Dogs also get something called dilated cardiomyopathy. With this disease, the walls of the heart become thin and the heart distends so it is larger than normal. This means that every time the heart pumps, it pumps very weakly and the blood doesn’t circulate well. We then see a shortage of oxygen to the brain and a backup of fluid in the lungs. This can present as exercise intolerance, coughing, or a distended abdomen. This is seen more commonly in large-breed dogs and usually happens over time, though Great Danes and Dobermans are more likely to have this as a congenital (born with it) problem.

This is the disease that is being linked to grain-free food. The thinking is that the things which are added in the place of grains (dogs still need carbohydrates from somewhere) interfere with the absorption of a certain amino acid which is important for heart muscle integrity. Hopefully, as studies progress, we will have a clearer idea of this link. At this point, even supplementing the amino acid (taurine) doesn’t seem to help, since absorption is affected. Dogs taken off these diets often can reverse the disease more drastically than the type that is caused by time or genetics.

Hypertrophic cardiomyopathy

We all know how different dogs and cats are and how they like opposite things. In that train of thought, cats get an opposite type of cardiomyopathy called hypertrophic cardiomyopathy. This means that instead of the heart walls becoming thin, they become very thick. This leaves less space inside the heart for blood, and the heart walls do not contract effectively. This type of heart failure can be related to hyperthyroidism. Unlike heart changes in dogs, this is not heard as easily with a stethoscope in most cases. Because of the way the heart beats, cats with HCM are more likely to develop clots which travel throughout their bodies. These can cause problems in the lungs, brain, abdominal organs or often cause hind limb paralysis.

Sometimes this disease presents as cats just not doing as well, sometimes with episodes of “panting.” Some of these cats will have murmurs we can hear, and some we discover with increased heart rates. Unfortunately, some of these cats show no signs until they do throw a clot and become critically impaired. As with all things cat, any behavior changes can be an alert to underlying issues, so it is important to get them checked out.

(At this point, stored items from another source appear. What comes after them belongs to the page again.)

Lemma submod_scaleA a b v : submod_scale a (submod_scale b v) = submod_scale (a * b) v.
Proof. by apply: val_inj; rewrite /= rmorphM mulrA. Qed.
Lemma submod_scale1 : left_id 1 submod_scale.
Proof. by move=> v; apply: val_inj; rewrite /= rmorph1 mul1r. Qed.
Lemma submod_scaleDr : right_distributive submod_scale +%R.
Proof. by move=> a u v; apply: val_inj; rewrite /= mulrDr. Qed.
Lemma submod_scaleDl v : {morph submod_scale^~ v : a b / a + b}.
Proof. by move=> a b; apply: val_inj; rewrite /= rmorphD mulrDl. Qed.
HB.instance Definition _ := GRing.Zmodule_isLmodule.Build A LT
  submod_scaleA submod_scale1 submod_scaleDr submod_scaleDl.

Lemma submod_type_iso : iso_to_sub f LT L.
Proof.
exists val; split=> //; split=> //; split; first exact: val_inj.
move=> z; split=> [Lz | [u ->]]; last exact: submod_valP.
by exists (submod_elt Lz).
Qed.

End SubmoduleType.

Lemma invertible_in_Pic (A B : comPzRingType) (f : {rmorphism A -> B}) (L : B -> Prop) :
  injective f -> invertible f L -> exists M : lmodType A, in_Pic M /\ iso_to_sub f M L.
Proof.
move=> finj iL; have HL := proj1 iL.
have [n [xs [ys dL]]] := invertible_dual_basis iL; case: (dL) => Lxs LA H1.
pose mg i := submod_elt HL (Lxs i).
pose phi i (m : submod_type HL) := preimf f (val m * ys i).
have LAm (m : submod_type HL) i : Aimg f (val m * ys i) by apply: LA; apply: submod_valP.
have pb : projective_basis mg phi.
  split=> [k x y|k a x|m]; rewrite /phi /=.
  - by rewrite mulrDl (preimfD finj (LAm x k) (LAm y k)).
  - by rewrite -[X in preimf f X]mulrA (preimfZ finj _ (LAm x k)).
  apply: val_inj; rewrite (additive_sum _ (fun u v : submod_type HL => erefl (val (u + v)))).
  exact: dual_basis_decomp (submod_valP m).
exists (submod_type HL); split; last exact: submod_type_iso.
split; first exact: projective_basis_fin_gen pb.
split; first exact: projective_basis_projective pb.
apply: projective_basis_const_rank1 pb _ _ => [|j x].
  apply: finj; rewrite rmorph_sum rmorph1 -H1; apply: eq_bigr => i _.
  exact: preimfK (LAm (mg i) i).
apply: val_inj => /=; rewrite (preimfK (LAm (mg j) j)) (preimfK (LAm x j)) /=; ring.
Qed.

Section CoordinateMatrix.
Variables (A : comPzRingType) (M : lmodType A) (n : nat).
Variables (mg : 'I_n -> M) (phi : 'I_n -> M -> A).
Hypotheses (pb : projective_basis mg phi) (rk : const_rank1 M).

Definition coord_mx i k := phi k (mg i).

Lemma coord_mx_expand k m : phi k m = \sum_(j < n) phi j m * coord_mx j k.
Proof.
case: pb => phiD phiZ phiE; rewrite {1}(phiE m) (additive_sum _ (phiD k)).
by apply: eq_bigr => j _; rewrite phiZ.
Qed.

Lemma coord_mx_idem i k : \sum_(j < n) coord_mx i j * coord_mx j k = coord_mx i k.
Proof. by rewrite [RHS]coord_mx_expand. Qed.

Lemma coord_mx_minor i j l k :
  coord_mx i j * coord_mx l k = coord_mx i k * coord_mx l j.
Proof.
case: pb => _ phiZ _; apply/eqP; rewrite -subr_eq0; apply/eqP.
apply: locally_zero => P /maximal_ideal_prime pP; have [m0 [m0gen _]] := rk pP.
have [s1 [a1 [Ps1 e1]]] := m0gen (mg i); have [s2 [a2 [Ps2 e2]]] := m0gen (mg l).
have phi_e s a x h : s *: x = a *: m0 -> s * phi h x = a * phi h m0.
  by move=> e; rewrite -phiZ e phiZ.
exists (s1 * s2); first by case: pP => _ [_ PM] /PM[].
rewrite mulrBr; have -> : s1 * s2 * (coord_mx i j * coord_mx l k) =
  (s1 * phi j (mg i)) * (s2 * phi k (mg l)) by rewrite /coord_mx; ring.
have -> : s1 * s2 * (coord_mx i k * coord_mx l j) =
  (s1 * phi k (mg i)) * (s2 * phi j (mg l)) by rewrite /coord_mx; ring.
by rewrite (phi_e _ _ _ _ e1) (phi_e _ _ _ _ e2) (phi_e _ _ _ _ e1) (phi_e _ _ _ _ e2); ring.
Qed.

Lemma coord_mx_not_in_prime p : is_prime_ideal p -> exists i k, ~ p (coord_mx i k).
Proof.
move=> pp; apply: contrapT => noik.
have pE i k : p (coord_mx i k) by apply: contrapT => pik; apply: noik; exists i, k.
case: pb => _ phiZ phiE; have [[p0 [pD pM]] [p1 pM2]] := pp.
have [m0 [m0gen m0ann]] := rk pp.
(* [Q y]: the image of [y] in the free [A_p]-module [M_p = A_p m0] lies in [p M_p]. *)
pose Q y := exists s a, [/\ ~ p s, p a & s *: y = a *: m0].
have QD x y : Q x -> Q y -> Q (x + y).
  move=> [s [a [ps pa ex]]] [s' [a' [ps' pa' ey]]].
  exists (s * s'), (s' * a + s * a'); split; first by case/pM2.
    by apply: pD; apply: pM.
  rewrite scalerDr scalerDl.
  have -> : (s * s') *: x = s' *: (s *: x) by rewrite scalerA mulrC.
  by rewrite -scalerA ex ey !scalerA.
have [s [a [ps pa esa]]] : Q m0.
  rewrite [X in Q X]phiE; apply: (big_ind Q) => // [|i _].
    by exists 1, 0; rewrite scale1r scale0r; split=> //; case: pp => _ [].
  have [s [a [ps esa]]] := m0gen (mg i).
  exists s, (phi i m0 * a); split=> //.
    rewrite mulrC; apply: (pM); rewrite coord_mx_expand.
    by apply: (big_ind p) => // j _; apply: pM.
  have -> : s *: (phi i m0 *: mg i) = phi i m0 *: (s *: mg i) by rewrite !scalerA mulrC.
  by rewrite esa scalerA.
have [t [pt ts]] : exists t, ~ p t /\ t * (s - a) = 0.
  by apply: m0ann; rewrite scalerBl esa subrr.
have : p (t * s).
  have -> : t * s = t * (s - a) + t * a by ring.
  by rewrite ts add0r; apply: pM.
by case/pM2.
Qed.

End CoordinateMatrix.

Section BilinearForm.
Variables (R : comPzRingType) (n : nat) (F : 'I_n -> 'I_n -> R).
Implicit Types (c d : 'I_n -> R).

Definition bilin c d := \sum_(j < n) \sum_(l < n) c j * F j l * d l.

Lemma bilin_perturb c d i k e1 e2 :
  bilin (fun j => c j + (if j == i then e1 else 0)) (fun l => d l + (if l == k then e2 else 0))
  = bilin c d + e2 * (\sum_(j < n) c j * F j k) + e1 * (\sum_(l < n) F i l * d l)
    + e1 * e2 * F i k.
Proof.
have deltar (G : 'I_n -> R) m e : \sum_(l < n) G l * (if l == m then e else 0) = G m * e.
  by rewrite (bigD1 m) //= eqxx big1 ?addr0 // => l /negbTE ->; rewrite mulr0.
have deltal (G : 'I_n -> R) m e : \sum_(l < n) (if l == m then e else 0) * G l = e * G m.
  by rewrite (bigD1 m) //= eqxx big1 ?addr0 // => l /negbTE ->; rewrite mul0r.
have split_term j l :
    (c j + (if j == i then e1 else 0)) * F j l * (d l + (if l == k then e2 else 0))
  = c j * F j l * d l + c j * F j l * (if l == k then e2 else 0)
    + (if j == i then e1 else 0) * (F j l * d l)
    + (if j == i then e1 else 0) * (F j l * (if l == k then e2 else 0)) by ring.
rewrite /bilin; under eq_bigr => j _ do under eq_bigr => l _ do rewrite split_term.
under eq_bigr => j _ do rewrite !big_split /= deltar -!mulr_sumr deltar.
rewrite !big_split /= !deltal; congr (_ + _ + _ + _).
- by rewrite mulr_sumr; apply: eq_bigr => j _; ring.
- by ring.
Qed.

Lemma bilin_avoid_prime P c d y i k : is_prime_ideal P -> ~ P y -> ~ P (F i k) ->
  exists c' d' z, bilin c' d' = bilin c d + y * z /\ ~ P (bilin c' d').
Proof.
move=> pP Py PF; set al := \sum_(j < n) c j * F j k; set be := \sum_(l < n) F i l * d l.
pose z t1 t2 := t2 * al + t1 * be + y * (t1 * t2) * F i k.
pose V t1 t2 := bilin c d + y * z t1 t2.
have VE t1 t2 : V t1 t2 = bilin (fun j => c j + (if j == i then y * t1 else 0))
                                (fun l => d l + (if l == k then y * t2 else 0)).
  by rewrite bilin_perturb -/al -/be /V /z; ring.
suff [t1 [t2 PV]] : exists t1 t2, ~ P (V t1 t2).
  exists (fun j => c j + (if j == i then y * t1 else 0)).
  by exists (fun l => d l + (if l == k then y * t2 else 0)), (z t1 t2); rewrite -VE.
(* The second difference of [V] over [{0,1}^2] is [y^2 F i k]. *)
apply: contrapT => noV; have [iP [_ PM]] := pP.
have PV t1 t2 : P (V t1 t2) by apply: contrapT => PV; apply: noV; exists t1, t2.
have : P (y * (y * F i k)).
  have -> : y * (y * F i k) = (V 1 1 - V 1 0) - (V 0 1 - V 0 0) by rewrite /V /z; ring.
  by apply: idealB => //; apply: idealB.
by case/PM => // /PM[].
Qed.

Section AvoidMaximal.
Hypothesis F_unit_mod : forall P, is_maximal_ideal P -> exists i k, ~ P (F i k).

Lemma bilin_avoid_maximal N (Ms : 'I_N -> R -> Prop) (S : 'I_N -> Prop) P c d :
  is_maximal_ideal P -> (forall t, S t -> is_maximal_ideal (Ms t) /\ ~ Ms t (bilin c d)) ->
  exists c' d', ~ P (bilin c' d') /\ forall t, S t -> ~ Ms t (bilin c' d').
Proof.
move=> mP SMs; have [PU|PU] := pselect (P (bilin c d)); last first.
  by exists c, d; split=> // t /SMs[].
have pP := maximal_ideal_prime mP.
have [y Py Msy] : exists2 y, ~ P y & forall t, S t -> Ms t y.
  apply: prime_avoiding_elem => // t /SMs[mt MsU]; split; first by case: mt.
  apply: contrapT => /forall2NP MsP; apply: MsU.
  case: mt => _ [_ Msmax]; apply: (Msmax P) => //; first by case: mP.
    by case: mP => _ [].
  by move=> x Msx; case: (MsP x) => // /contrapT.
have [i [k PF]] := F_unit_mod mP.
have [c' [d' [z [E PU']]]] := bilin_avoid_prime c d pP Py PF.
exists c', d'; split=> // t St MsU'; have [[iMs _] MsU] := SMs t St; apply: MsU.
have -> : bilin c d = bilin c' d' - y * z by rewrite E; ring.
by apply: idealB => //; apply: idealMr => //; apply: Msy.
Qed.

Lemma exists_unit_bilin : finitely_many_maximal_ideals R -> exists c d, unitB (bilin c d).
Proof.
move=> [N [Ms HMs]].
have avoid r : (r <= N)%N -> exists c d,
    forall t : 'I_N, (t < r)%N -> is_maximal_ideal (Ms t) -> ~ Ms t (bilin c d).
  elim: r => [_|r IH rN]; first by exists (fun _ => 0), (fun _ => 0).
  have [c [d cd]] := IH (ltnW rN); pose tr : 'I_N := Ordinal rN.
  have [mtr|mtr] := pselect (is_maximal_ideal (Ms tr)); last first.
    exists c, d => t; rewrite ltnS leq_eqVlt => /predU1P[tE|/cd//].
    by have -> : t = tr by apply: val_inj.
  have [c' [d' [MsU' cd']]] := bilin_avoid_maximal
    (S := fun t : 'I_N => (t < r)%N /\ is_maximal_ideal (Ms t)) mtr
    (fun t '(conj lt mt) => conj mt (cd t lt mt)).
  exists c', d' => t; rewrite ltnS leq_eqVlt => /predU1P[tE|lt mt]; last exact: cd'.
  by have -> : t = tr by apply: val_inj.
have [c [d cd]] := avoid N (leqnn N); exists c, d; apply: unit_of_not_maximal => P mP.
have [t Ht] := HMs P mP; have PE : P = Ms t by apply/funext => x; apply/propext.
by rewrite PE in mP *; apply: cd.
Qed.

End AvoidMaximal.

End BilinearForm.

Section RankOneIdempotent.
Variables (R : comPzRingType) (n : nat) (F : 'I_n -> 'I_n -> R).
Hypothesis F_idem : forall i k, \sum_(j < n) F i j * F j k = F i k.
Hypothesis F_minor : forall i j l k, F i j * F l k = F i k * F l j.

Lemma rank_one_idempotent_factor c d u' : bilin F c d * u' = 1 ->
  exists a v : 'I_n -> R, (forall i k, F i k = a i * v k) /\ \sum_(k < n) v k * a k = 1.
Proof.
move=> Uu'; exists (fun i => (\sum_(l < n) F i l * d l) * u'), (fun k => \sum_(j < n) c j * F j k).
split=> [i k | ].
  have E : (\sum_(l < n) F i l * d l) * (\sum_(j < n) c j * F j k) = F i k * bilin F c d.
    rewrite big_distrlr /= /bilin mulr_sumr exchange_big; apply: eq_bigr => j _.
    rewrite mulr_sumr; apply: eq_bigr => l _.
    by transitivity (c j * d l * (F i l * F j k)); [ring | rewrite F_minor; ring].
  by rewrite mulrAC E -mulrA Uu' mulr1.
have E : \sum_(k < n) (\sum_(j < n) c j * F j k) * (\sum_(l < n) F k l * d l) = bilin F c d.
  under eq_bigr => k _ do rewrite big_distrlr /=.
  rewrite exchange_big; apply: eq_bigr => j _; rewrite exchange_big; apply: eq_bigr => l _.
  rewrite -F_idem mulr_sumr mulr_suml; apply: eq_bigr => k _; ring.
by under eq_bigr => k _ do rewrite mulrA; rewrite -mulr_suml E.
Qed.

End RankOneIdempotent.

Section PicToInvertible.
Variables (A B : comPzRingType) (f : {rmorphism A -> B}).

Lemma prime_ideal_preim (q : B -> Prop) : is_prime_ideal q -> is_prime_ideal (fun a => q (f a)).
Proof.
move=> [[q0 [qD qM]] [q1 qP]]; split; [split; [|split] | split].
- by rewrite rmorph0.
- by move=> x y qx qy; rewrite rmorphD; apply: qD.
- by move=> r x qx; rewrite rmorphM; apply: qM.
- by rewrite rmorph1.
- by move=> x y; rewrite rmorphM; apply: qP.
Qed.

Lemma image_invertible (M : lmodType A) (theta : M -> B) n (mg : 'I_n -> M) (v : 'I_n -> B) :
  (forall x y, theta (x + y) = theta x + theta y) ->
  (forall a x, theta (a *: x) = f a * theta x) ->
  (forall m k, Aimg f (theta m * v k)) -> \sum_(i < n) theta (mg i) * v i = 1 ->
  invertible f (fun z => exists m, z = theta m).
Proof.
move=> thetaD thetaZ thetavA thetav1.
have theta0 : theta 0 = 0 by apply: (addrI (theta 0)); rewrite -thetaD !addr0.
split.
  split; first by exists 0.
  split; first by move=> _ _ [x ->] [y ->]; exists (x + y).
  by move=> a _ [x ->]; exists (a *: x).
exists (fun z => exists c : 'I_n -> A, z = \sum_(k < n) f (c k) * v k); split.
  split; first by exists (fun _ => 0); rewrite big1 // => k _; rewrite rmorph0 mul0r.
  split.
    move=> _ _ [c ->] [c' ->]; exists (fun k => c k + c' k).
    by rewrite -big_split; apply: eq_bigr => k _; rewrite rmorphD mulrDl.
  move=> a _ [c ->]; exists (fun k => a * c k).
  by rewrite mulr_sumr; apply: eq_bigr => k _; rewrite rmorphM mulrA.
move=> z; split.
  move=> [m [xs [ys [Hs ->]]]]; apply: Aimg_sum => p; have [[x ->] [c ->]] := Hs p.
  rewrite mulr_sumr; apply: Aimg_sum => k; rewrite mulrCA; apply: AimgM; first by exists (c k).
  exact: thetavA.
move=> [b ->]; exists n, (fun i => theta (b *: mg i)), v; split.
  move=> i; split; first by exists (b *: mg i).
  exists (fun k => if k == i then 1 else 0).
  rewrite (bigD1 i) //= eqxx rmorph1 mul1r big1 ?addr0 // => k /negbTE ->.
  by rewrite rmorph0 mul0r.
by rewrite -[LHS]mulr1 -thetav1 mulr_sumr; apply: eq_bigr => i _; rewrite thetaZ mulrA.
Qed.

Heart disease can result in many different signs. The underlying causes may be different, but most heart disease starts as subtle changes. Animals can become weak, develop a cough, be less tolerant of exercise, and even collapse or “pass out” for a moment. You may also see a bloated abdomen (over a few days, heart failure is not likely the cause of a big belly if your pet gets many treats a day). Since the heart also pumps blood to the lungs to become oxygenated before sending it to the body, fluid can build up in the lungs from ineffective pumping. Signs of this include coughing, panting and struggling to catch their breath after simple activity.

If a murmur is heard in a pet, usually the next step is to take chest x-rays. It is ideal to get a cardiac ultrasound (or echo) on them. This lets us see the thickness of the heart walls at every point, the function of the valves, and how the blood flows through the different parts of the heart. In this manner, we can more easily pinpoint the exact area of compromise and treat accordingly.

All types of heart failure can be treated with varying success. The earlier they are detected, the better chance there is of helping to prolong an animal’s life. There are medicines that help the heart beat faster, slower or stronger. There are also medications that help regulate blood pressure changes and fluid changes that might be associated with heart failure.

The main thing to remember is that changes in activity levels and coughing can be significant. If you have noticed a drastic change in activity overall or been putting off a yearly exam, it might be time to have a checkup. Once heart failure is detected, it is up to us to provide the best quality of life we can. This means keeping pets at a good weight, a good-quality diet and reduced sodium (in treats, softened water, etc.) Your veterinarian can help direct you once an issue is detected.

Our pets are our most loving Valentines, and they don’t need a special day to show us their love. Because of this unconditional love, it becomes our job to protect their hearts.